そこで本研究は,測定時のピンの刺激速度および刺激深達度をコンピュータ制御できる特注の二点式触覚刺激装置を用い,網羅的に二点識別覚を測定しました.その結果,刺激速度5.0 mm/sおよび10.0 mm/s,刺激深達度1.0 mmでの測定で最も二点識別覚が向上し,同条件での反復した測定においては二点識別覚に変動は認められず,安定した測定結果が得られることが明らかになりました.本研究の成果は,「Neuroscience Letters」に掲載されています.
横田先生からのコメント:
これまで広く用いられてきた二点識別覚ですが,感覚機能の評価指標として用いることに対して否定的な意見も多くありました.その要因として,脳で認知されるまでの複雑なメカニズムや,検査者が異なることで得られる結果に差が生じることなどが挙げられます.本研究では,これまで測定値の差異を生じる可能性が指摘されてきた測定刺激の速度と深達度をコンピュータ制御することで, 繰り返しの測定においても高い信頼性のある,安定した結果の得られる二点識別覚測定方法を確立することができました.我々の研究グループでは,触覚刺激や脳に対する電気刺激などの様々な介入により,感覚機能を効果的に向上させる方法の開発を目指しています.本研究により得られた二点識別覚検査方法を用いることで,介入効果を正確に示すことが可能になると考えられます.本方法を用いて,今後二点識別覚を効果的に向上させる介入方法の開発が期待できます.
本研究成果のポイント:
① 二点識別覚測定にコンピュータ制御による二点式触覚刺激装置を用いた点
測定時の刺激強度が二点識別覚に影響を与えることが問題点として指摘されてきましたが,本研究では,コンピュータにより刺激速度や深達度,刺激提示時間などを制御できる二点式触覚刺激装置を用いることで,その問題点を克服しました.
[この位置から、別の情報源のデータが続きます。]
Lemma maximal_cliqueP (K : {set V}) :
  reflect (is_clique e K /\ forall K', is_clique e K' -> K \subset K' -> K' = K)
          (is_maximal_clique e K).
Proof.
apply: (iffP andP) => -[cK maxK]; split=> //.
  move=> K' cK' sKK'; apply/eqP; rewrite eq_sym eqEproper sKK'; apply/negP => pKK'.
  by move/forallP/(_ K')/implyP/(_ pKK'): maxK; rewrite cK'.
apply/forallP => K'; apply/implyP => pKK'; apply/negP => cK'.
have eqK := maxK K' cK' (proper_sub pKK').
by rewrite eqK properxx in pKK'.
Qed.

Lemma maximal_clique_clique (K : {set V}) : is_maximal_clique e K -> is_clique e K.
Proof. by case/andP. Qed.

Lemma maximal_clique_exists (K : {set V}) :
  is_clique e K -> exists2 K', is_maximal_clique e K' & K \subset K'.
Proof.
move=> cK; have [K' /maxsetP maxK' sKK'] := @maxset_exists _ (is_clique e) K cK.
by exists K' => //; apply/maximal_cliqueP.
Qed.

Lemma ex_maximal_clique : exists K, is_maximal_clique e K.
Proof.
have [|K mK _] := @maximal_clique_exists set0; last by exists K.
by apply/cliqueP => x y; rewrite inE.
Qed.

Lemma vertex_maximal_clique z : exists2 K, is_maximal_clique e K & z \in K.
Proof.
have [K mK /subsetP sK] := maximal_clique_exists (clique1 z).
by exists K => //; apply: sK; rewrite inE.
Qed.

Lemma maximal_clique_card_gt0 (K : {set V}) (z : V) :
  is_maximal_clique e K -> (0 < #|K|)%N.
Proof.
case/maximal_cliqueP => _ maxK; rewrite card_gt0; apply: contraTneq isT => K0.
by have := maxK [set z] (clique1 z); rewrite K0 sub0set => /(_ isT)/setP/(_ z); rewrite !inE eqxx.
Qed.

End Cliques.

Section ChordlessCycles.
Variables (V : finType) (e : rel V).
Hypothesis e_sym : ssrbool.symmetric e.

Definition chordless (s : seq V) : bool :=
  [forall x in s, forall y in s, e x y ==> (y == next s x) || (x == next s y)].

Lemma chordless_adj (s : seq V) x y : chordless s -> x \in s -> y \in s -> e x y ->
  y = next s x \/ x = next s y.
Proof.
move=> /forall_inP/(_ x) ch xs ys exy.
by have /orP[/eqP|/eqP] := implyP (forall_inP (ch xs) y ys) exy; [left | right].
Qed.

Lemma card_set_uniq (s : seq V) : uniq s -> #|[set x in s]| = size s.
Proof. by move=> Us; rewrite cardsE; apply/card_uniqP. Qed.

Lemma succ_mod_cases (i k : nat) : (i < k)%N ->
  (i.+1 %% k = i.+1 /\ i.+1 < k)%N \/ (i.+1 %% k = 0 /\ i.+1 = k)%N.
Proof.
move=> ltik; have [lt|eq] : (i.+1 < k)%N \/ i.+1 = k by lia.
  by left; rewrite modn_small.
by right; rewrite eq modnn.
Qed.

Lemma next_nth_mod (s : seq V) x0 i : uniq s -> (i < size s)%N ->
  next s (nth x0 s i) = nth x0 s (i.+1 %% size s).
Proof.
case: s => [|y p] // Us lti; rewrite next_nth mem_nth // index_uniq //.
case: (succ_mod_cases lti) => -[-> lt] /=.
  by apply: set_nth_default; rewrite /= ltnS in lt.
by rewrite nth_default //; move: lt => /= -[->].
Qed.

Lemma index_next (s : seq V) x : uniq s -> x \in s ->
  index (next s x) s = ((index x s).+1 %% size s)%N.
Proof.
move=> Us xs; have ltx : (index x s < size s)%N by rewrite index_mem.
by rewrite -{1}(nth_index x xs) next_nth_mod // index_uniq // ltn_mod (leq_ltn_trans _ ltx).
Qed.

Lemma next_iter (s : seq V) x0 i d : uniq s -> (i < size s)%N ->
  iter d (next s) (nth x0 s i) = nth x0 s ((i + d) %% size s).
Proof.
move=> Us lti; elim: d => [|d IH]; first by rewrite addn0 modn_small.
rewrite iterS IH next_nth_mod // ?ltn_mod ?(leq_ltn_trans _ lti) //.
by rewrite -addn1 modnDml addn1 addnS.
Qed.

Lemma chordless_nthP (s : seq V) : uniq s ->
  (forall (x0 : V) (i j : nat), (i < size s)%N -> (j < size s)%N ->
     e (nth x0 s i) (nth x0 s j) -> j = (i.+1 %% size s)%N \/ i = (j.+1 %% size s)%N)
  <-> chordless s.
Proof.
move=> Us; split=> [ch | ch x0 i j lti ltj eij].
  apply/forall_inP => x xs; apply/forall_inP => y ys; apply/implyP => exy.
  have := ch x (index x s) (index y s); rewrite !index_mem !nth_index //.
  case/(_ xs ys exy) => E; apply/orP; [left | right]; apply/eqP.
    by rewrite -(nth_index x ys) E -index_next // nth_index ?mem_next.
  by rewrite -(nth_index y xs) E -index_next // nth_index ?mem_next.
have [|] := chordless_adj ch (mem_nth x0 lti) (mem_nth x0 ltj) eij => /(congr1 (index^~ s)).
  by rewrite index_next ?mem_nth // !index_uniq //; left.
by rewrite index_next ?mem_nth // !index_uniq //; right.
Qed.

Lemma card_clique_chordless (K : {set V}) (s : seq V) :
  is_clique e K -> uniq s -> (4 <= size s)%N -> chordless s ->
  (#|K :&: [set x in s]| <= 2)%N.
Proof.
move=> /cliqueP cK Us s4 ch; rewrite leqNgt; apply/negP => /card_gt2P.
move=> [x [y [z [[xA yA zA] [nxy nyz nzx]]]]].
have succ a b : a \in K :&: [set x in s] -> b \in K :&: [set x in s] -> a != b ->
    index b s = ((index a s).+1 %% size s)%N \/ index a s = ((index b s).+1 %% size s)%N.
  rewrite !inE => /andP[aK a_s] /andP[bK b_s] nab.
  by case: (chordless_adj ch a_s b_s (cK a b aK bK nab)) => ->; rewrite index_next //; auto.
have dist a b : a \in K :&: [set x in s] -> b \in K :&: [set x in s] -> a != b ->
    index a s != index b s.
  rewrite !inE => /andP[_ a_s] /andP[_ b_s]; apply: contra => /eqP.
  by move/(index_inj a a_s b_s) => ->.
have lt_index a : a \in K :&: [set x in s] -> (index a s < size s)%N.
  by rewrite !inE index_mem => /andP[].
move: (succ x y xA yA nxy) (succ y z yA zA nyz) (succ z x zA xA nzx).
move: (dist x y xA yA nxy) (dist y z yA zA nyz) (dist z x zA xA nzx).
move: (succ_mod_cases (lt_index x xA)) (succ_mod_cases (lt_index y yA)).
move: (succ_mod_cases (lt_index z zA)) (lt_index x xA) (lt_index y yA) (lt_index z zA).
move: (index x s) (index y s) (index z s) (size s) s4 => i j l k k4.
move: (i.+1 %% k)%N (j.+1 %% k)%N (l.+1 %% k)%N => a b c.
lia.
Qed.

Lemma next_neq_prev (s : seq V) x : uniq s -> (3 <= size s)%N -> x \in s ->
  next s x != prev s x.
Proof.
move=> Us s3 xs; apply/eqP => E.
have ltx : (index x s < size s)%N by rewrite index_mem.
have := next_iter x 2 Us ltx; rewrite /= nth_index // E next_prev //.
rewrite -{1}(nth_index x xs) => /eqP; rewrite nth_uniq ?ltn_mod //; last by lia.
move/eqP; move: ltx s3; move: (index x s) (size s) => i k lti k3.
have [lt|[Ek|Ek]] : (i + 2 < k \/ i + 2 = k \/ i + 2 = k.+1)%N by lia.
- by rewrite modn_small //; lia.
- by rewrite Ek modnn; lia.
- by rewrite Ek -addn1 modnDl modn_small; lia.
Qed.

Lemma chordless_subcycle (s s' : seq V) : uniq s -> chordless s ->
  uniq s' -> cycle e s' -> (3 <= size s')%N -> {subset s' <= s} -> {subset s <= s'}.
Proof.
move=> Us ch Us' cy' s3 ss'.
have next_closed x : x \in s' -> next s x \in s'.
  move=> xs'; have xs := ss' x xs'.
  have e1 : e x (next s' x) by apply: next_cycle.
  have e2 : e x (prev s' x) by rewrite e_sym; apply: prev_cycle.
  have y1s : next s' x \in s by rewrite ss' ?mem_next.
  have y2s : prev s' x \in s by rewrite ss' ?mem_prev.
  case: (chordless_adj ch xs y1s e1) => [<-|E1]; first by rewrite mem_next.
  case: (chordless_adj ch xs y2s e2) => [<-|E2]; first by rewrite mem_prev.
  have : next s' x = prev s' x by apply: (can_inj (prev_next Us)); rewrite -E1 -E2.
  by move/eqP; rewrite (negbTE (next_neq_prev Us' s3 xs')).
have [x0 x0s'] : exists x, x \in s'.
  by case: s' s3 {Us' cy' ss' next_closed} => // x; exists x; rewrite inE eqxx.
have x0s := ss' x0 x0s'.
have iter_in d : iter d (next s) x0 \in s' by elim: d => //= d; apply: next_closed.
move=> y ys; have := iter_in (index y s + size s - index x0 s)%N.
have lt0 : (index x0 s < size s)%N by rewrite index_mem.
have lty : (index y s < size s)%N by rewrite index_mem.
rewrite -[X in iter _ _ X](nth_index x0 x0s) next_iter //.
have -> : (index x0 s + (index y s + size s - index x0 s) = index y s + size s)%N by lia.
by rewrite modnDr modn_small // nth_index.
Qed.

Lemma chordless_odd_cycle_seq (C : {set V}) : is_chordless_odd_cycle e C ->
  exists2 s, C = [set x in s] &
    [/\ uniq s, cycle e s, (3 <= size s)%N, odd (size s) & chordless s].
Proof.
move=> [s [/and3P[s3 Us cy] odd_s -> ch]].
by exists s => //; split=> //; apply/(chordless_nthP Us).
Qed.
② 二点識別覚の最大限のパフォーマンスを反映する,安定した測定方法を明らかにした点
上記の方法を用いることで,被験者の最大限の二点識別覚パフォーマンスを反映する測定刺激速度(5.0 mm/s,10.0 mm/s)および刺激深達度(1.0 mm)を明らかにしました(50% 閾値の値が小さいことが二点識別覚が良いことを意味します).さらに,同条件での測定であれば,繰り返しの測定においても二点識別覚に変動は認められず,安定した測定結果が得られることが明らかになりました.
原著論文情報:
Yokota H, Otsuru N, Kikuchi R, Suzuki R, Kojima S, Saito K, Miyaguchi S, Inukai Y, Onishi H. Establishment of optimal two-point discrimination test method and consideration of reproducibility. Neuroscience Letters. Volume 714, 1 January 2020.